§ Collected data
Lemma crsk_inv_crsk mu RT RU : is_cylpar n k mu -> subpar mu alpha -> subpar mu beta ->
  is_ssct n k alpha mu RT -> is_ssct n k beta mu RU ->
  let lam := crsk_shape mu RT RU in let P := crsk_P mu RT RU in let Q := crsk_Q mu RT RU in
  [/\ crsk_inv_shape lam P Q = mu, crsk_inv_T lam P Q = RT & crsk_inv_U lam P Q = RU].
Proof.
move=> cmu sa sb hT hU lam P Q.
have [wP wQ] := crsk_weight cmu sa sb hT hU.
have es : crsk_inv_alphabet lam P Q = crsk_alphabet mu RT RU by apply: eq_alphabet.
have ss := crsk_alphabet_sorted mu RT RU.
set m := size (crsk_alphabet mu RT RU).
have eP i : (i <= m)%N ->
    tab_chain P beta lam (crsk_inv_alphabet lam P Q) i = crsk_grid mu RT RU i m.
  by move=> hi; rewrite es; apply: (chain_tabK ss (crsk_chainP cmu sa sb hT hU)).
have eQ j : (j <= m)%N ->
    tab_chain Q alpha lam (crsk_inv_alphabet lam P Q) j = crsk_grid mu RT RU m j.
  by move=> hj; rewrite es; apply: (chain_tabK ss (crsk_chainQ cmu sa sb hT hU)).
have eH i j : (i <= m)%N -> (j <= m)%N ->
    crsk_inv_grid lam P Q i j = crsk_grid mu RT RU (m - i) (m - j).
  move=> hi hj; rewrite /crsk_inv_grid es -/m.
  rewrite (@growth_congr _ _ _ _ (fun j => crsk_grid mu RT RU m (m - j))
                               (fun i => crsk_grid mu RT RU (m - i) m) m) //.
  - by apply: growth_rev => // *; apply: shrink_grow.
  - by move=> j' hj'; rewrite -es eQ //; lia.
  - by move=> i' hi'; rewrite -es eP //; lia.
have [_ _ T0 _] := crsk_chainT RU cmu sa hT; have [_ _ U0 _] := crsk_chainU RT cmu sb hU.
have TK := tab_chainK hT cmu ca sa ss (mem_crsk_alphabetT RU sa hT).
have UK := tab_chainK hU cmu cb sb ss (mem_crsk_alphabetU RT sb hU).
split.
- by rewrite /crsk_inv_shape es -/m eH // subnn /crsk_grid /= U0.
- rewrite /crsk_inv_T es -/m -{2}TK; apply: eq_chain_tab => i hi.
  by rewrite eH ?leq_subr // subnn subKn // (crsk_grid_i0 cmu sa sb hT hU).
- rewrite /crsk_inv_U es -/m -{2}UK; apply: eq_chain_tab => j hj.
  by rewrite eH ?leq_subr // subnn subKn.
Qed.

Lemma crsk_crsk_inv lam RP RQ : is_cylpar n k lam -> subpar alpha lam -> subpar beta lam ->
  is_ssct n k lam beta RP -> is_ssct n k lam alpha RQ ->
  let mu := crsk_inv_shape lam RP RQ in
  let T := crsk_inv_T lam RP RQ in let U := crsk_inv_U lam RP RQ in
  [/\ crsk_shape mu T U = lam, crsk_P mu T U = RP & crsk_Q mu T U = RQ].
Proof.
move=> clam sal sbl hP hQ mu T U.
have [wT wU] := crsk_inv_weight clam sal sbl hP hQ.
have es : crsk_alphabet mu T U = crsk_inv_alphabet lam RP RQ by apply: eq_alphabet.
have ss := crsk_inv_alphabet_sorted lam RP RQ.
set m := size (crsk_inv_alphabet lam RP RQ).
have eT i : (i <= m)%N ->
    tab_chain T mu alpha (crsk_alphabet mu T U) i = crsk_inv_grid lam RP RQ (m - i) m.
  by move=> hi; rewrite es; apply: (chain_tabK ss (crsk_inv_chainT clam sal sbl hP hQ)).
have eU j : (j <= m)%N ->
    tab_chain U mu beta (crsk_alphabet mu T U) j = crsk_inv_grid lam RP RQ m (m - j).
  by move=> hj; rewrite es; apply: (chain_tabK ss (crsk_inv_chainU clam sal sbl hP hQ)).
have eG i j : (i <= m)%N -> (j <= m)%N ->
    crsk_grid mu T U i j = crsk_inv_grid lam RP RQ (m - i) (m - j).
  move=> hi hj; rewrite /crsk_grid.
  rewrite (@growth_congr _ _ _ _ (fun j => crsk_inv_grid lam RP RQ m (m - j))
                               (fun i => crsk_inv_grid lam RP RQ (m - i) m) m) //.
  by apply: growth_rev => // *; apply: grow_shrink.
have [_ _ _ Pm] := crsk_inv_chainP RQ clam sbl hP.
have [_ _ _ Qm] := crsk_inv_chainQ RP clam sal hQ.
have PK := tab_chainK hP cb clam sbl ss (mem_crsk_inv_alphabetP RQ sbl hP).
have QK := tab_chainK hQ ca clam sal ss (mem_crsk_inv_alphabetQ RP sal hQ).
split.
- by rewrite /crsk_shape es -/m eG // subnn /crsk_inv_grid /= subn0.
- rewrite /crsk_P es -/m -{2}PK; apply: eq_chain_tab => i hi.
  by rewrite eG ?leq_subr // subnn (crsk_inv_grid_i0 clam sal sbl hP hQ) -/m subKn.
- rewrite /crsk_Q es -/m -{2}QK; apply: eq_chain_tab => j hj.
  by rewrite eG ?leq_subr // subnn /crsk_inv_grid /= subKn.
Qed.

§ Task instructions
Exact copies of the lines from the start of the data up to the line holding "- by rewrite /crsk_inv_shape", both included, are all that is needed.

§ Final answer
Lemma crsk_inv_crsk mu RT RU : is_cylpar n k mu -> subpar mu alpha -> subpar mu beta ->
  is_ssct n k alpha mu RT -> is_ssct n k beta mu RU ->
  let lam := crsk_shape mu RT RU in let P := crsk_P mu RT RU in let Q := crsk_Q mu RT RU in
  [/\ crsk_inv_shape lam P Q = mu, crsk_inv_T lam P Q = RT & crsk_inv_U lam P Q = RU].
Proof.
move=> cmu sa sb hT hU lam P Q.
have [wP wQ] := crsk_weight cmu sa sb hT hU.
have es : crsk_inv_alphabet lam P Q = crsk_alphabet mu RT RU by apply: eq_alphabet.
have ss := crsk_alphabet_sorted mu RT RU.
set m := size (crsk_alphabet mu RT RU).
have eP i : (i <= m)%N ->
    tab_chain P beta lam (crsk_inv_alphabet lam P Q) i = crsk_grid mu RT RU i m.
  by move=> hi; rewrite es; apply: (chain_tabK ss (crsk_chainP cmu sa sb hT hU)).
have eQ j : (j <= m)%N ->
    tab_chain Q alpha lam (crsk_inv_alphabet lam P Q) j = crsk_grid mu RT RU m j.
  by move=> hj; rewrite es; apply: (chain_tabK ss (crsk_chainQ cmu sa sb hT hU)).
have eH i j : (i <= m)%N -> (j <= m)%N ->
    crsk_inv_grid lam P Q i j = crsk_grid mu RT RU (m - i) (m - j).
  move=> hi hj; rewrite /crsk_inv_grid es -/m.
  rewrite (@growth_congr _ _ _ _ (fun j => crsk_grid mu RT RU m (m - j))
                               (fun i => crsk_grid mu RT RU (m - i) m) m) //.
  - by apply: growth_rev => // *; apply: shrink_grow.
  - by move=> j' hj'; rewrite -es eQ //; lia.
  - by move=> i' hi'; rewrite -es eP //; lia.
have [_ _ T0 _] := crsk_chainT RU cmu sa hT; have [_ _ U0 _] := crsk_chainU RT cmu sb hU.
have TK := tab_chainK hT cmu ca sa ss (mem_crsk_alphabetT RU sa hT).
have UK := tab_chainK hU cmu cb sb ss (mem_crsk_alphabetU RT sb hU).
split.
- by rewrite /crsk_inv_shape es -/m eH // subnn /crsk_grid /= U0.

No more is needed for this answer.